They started yesterday in the nursery at church. Didn't look like hives, more like little pimples in places. I scooped him up and took him home. Missed festivities at my brothers place, and watched the spots spread.
This morning was that waiting game til the doctors office opened. Called the daycare clients and told them to stay away til I figured out what was up. Took my blotchy, fussy baby in immediately in the morning.
My lovely mushroom and egg white omelet left to grow cold on the stove. Found everyones jackets, wrestled Susan into clothes, remembered my cell phone, insurance card, adjusted straps on car seats.
Turned on the car to hear Third Day singing to me on the radio.
"There's a light at the end of this tunnel..."
I smiled. I hadn't felt any more stressed than usual this morning. Babies get sick. Two year olds are difficult. I don't always get to eat when I want. Nothing new. Just the way it is.

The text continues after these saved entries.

(* Let $P$ be a finite poset and $\epsilon$ the covering-relation labeling induced by a labeling of $P$. Suppose that $\Omega(P,\epsilon;t)=\Omega(P,-\epsilon;t+s)$ for some $s\in\mathbb{Z}$. Then $-r(-\epsilon)\le s\le r(\epsilon)$. Moreover $s=r(\epsilon)$ holds if and only if $P$ is $\epsilon$-graded, and $s=-r(-\epsilon)$ holds if and only if $P$ is $\epsilon$-graded.
   Context: $P$ has $p$ elements, $\omega:P\to\{1,\dots,p\}$ a bijection; write $x\prec y$ if $y$ covers $x$, $\epsilon(x,y)=1$ if $\omega(x)<\omega(y)$, $-1$ otherwise; $-\epsilon$ is $(-\epsilon)(x,y)=-\epsilon(x,y)$ (induced by $p+1-\omega$). A $(P,\epsilon)$-partition is an order-reversing map $\sigma:P\to\{1,2,\dots\}$ with $\sigma(x)>\sigma(y)$ whenever $x\prec y$ and $\epsilon(x,y)=-1$; $\Omega(P,\epsilon;n)$ is the number of such with largest part at most $n$ (a polynomial in $n$). $r(\epsilon)=\max\sum_{i=1}^\ell\epsilon(x_{i-1},x_i)$ over all maximal chains $x_0\prec\cdots\prec x_\ell$ of $P$, and similarly for $r(-\epsilon)$. $P$ is $\epsilon$-graded if this sum is the same for all maximal chains. *)

From mathcomp Require Import all_boot all_order all_algebra.
Set Implicit Arguments. Unset Strict Implicit. Unset Printing Implicit Defensive.
Import Order.TTheory GRing.Theory Num.Theory.

Section PPartitions.
Variables (d : Order.disp_t) (T : finPOrderType d).

Definition covers (x y : T) : bool :=
  (x < y)%O && [forall z : T, ~~ ((x < z)%O && (z < y)%O)].

Definition eps (p : nat) (omega : T -> 'I_p) (x y : T) : int :=
  if (omega x < omega y)%N then 1%R else (-1)%R.

Definition neg_eps (e : T -> T -> int) (x y : T) : int := (- e x y)%R.

(* (P,e)-partition with largest part at most n: sigma x in 'I_n encodes the
   part sigma x + 1 in {1,...,n}. *)
Definition is_partition (e : T -> T -> int) (n : nat) (sigma : {ffun T -> 'I_n}) : bool :=
  [forall x : T, forall y : T, ((x <= y)%O ==> (sigma y <= sigma x)%N) &&
     ((covers x y && (e x y == (-1)%R)) ==> (sigma y < sigma x)%N)].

But somehow, that song reminded me that God sees what I'm going through, AND it's not just an exercise. All of this is worth something. I am learning patience, compassion, joy in all things. I am becoming stronger, more capable, and more experienced. I am learning to be the very best woman I can be.
So hooray for learning to live, boo for baby boy having hives. :( Yikes! I had a horrible case of hives when he was about 8wks old. No idea why. I do have extremely sensitive skin, and frequently have to remove any jewelry and heal up from a spontaneous rash. Maybe baby boy got Momma's skin. Hope not.
Not bad for a Monday. He looked a lot better tonight - and maybe he will sleep well. Tomorrow will bring new excitement, I'm sure!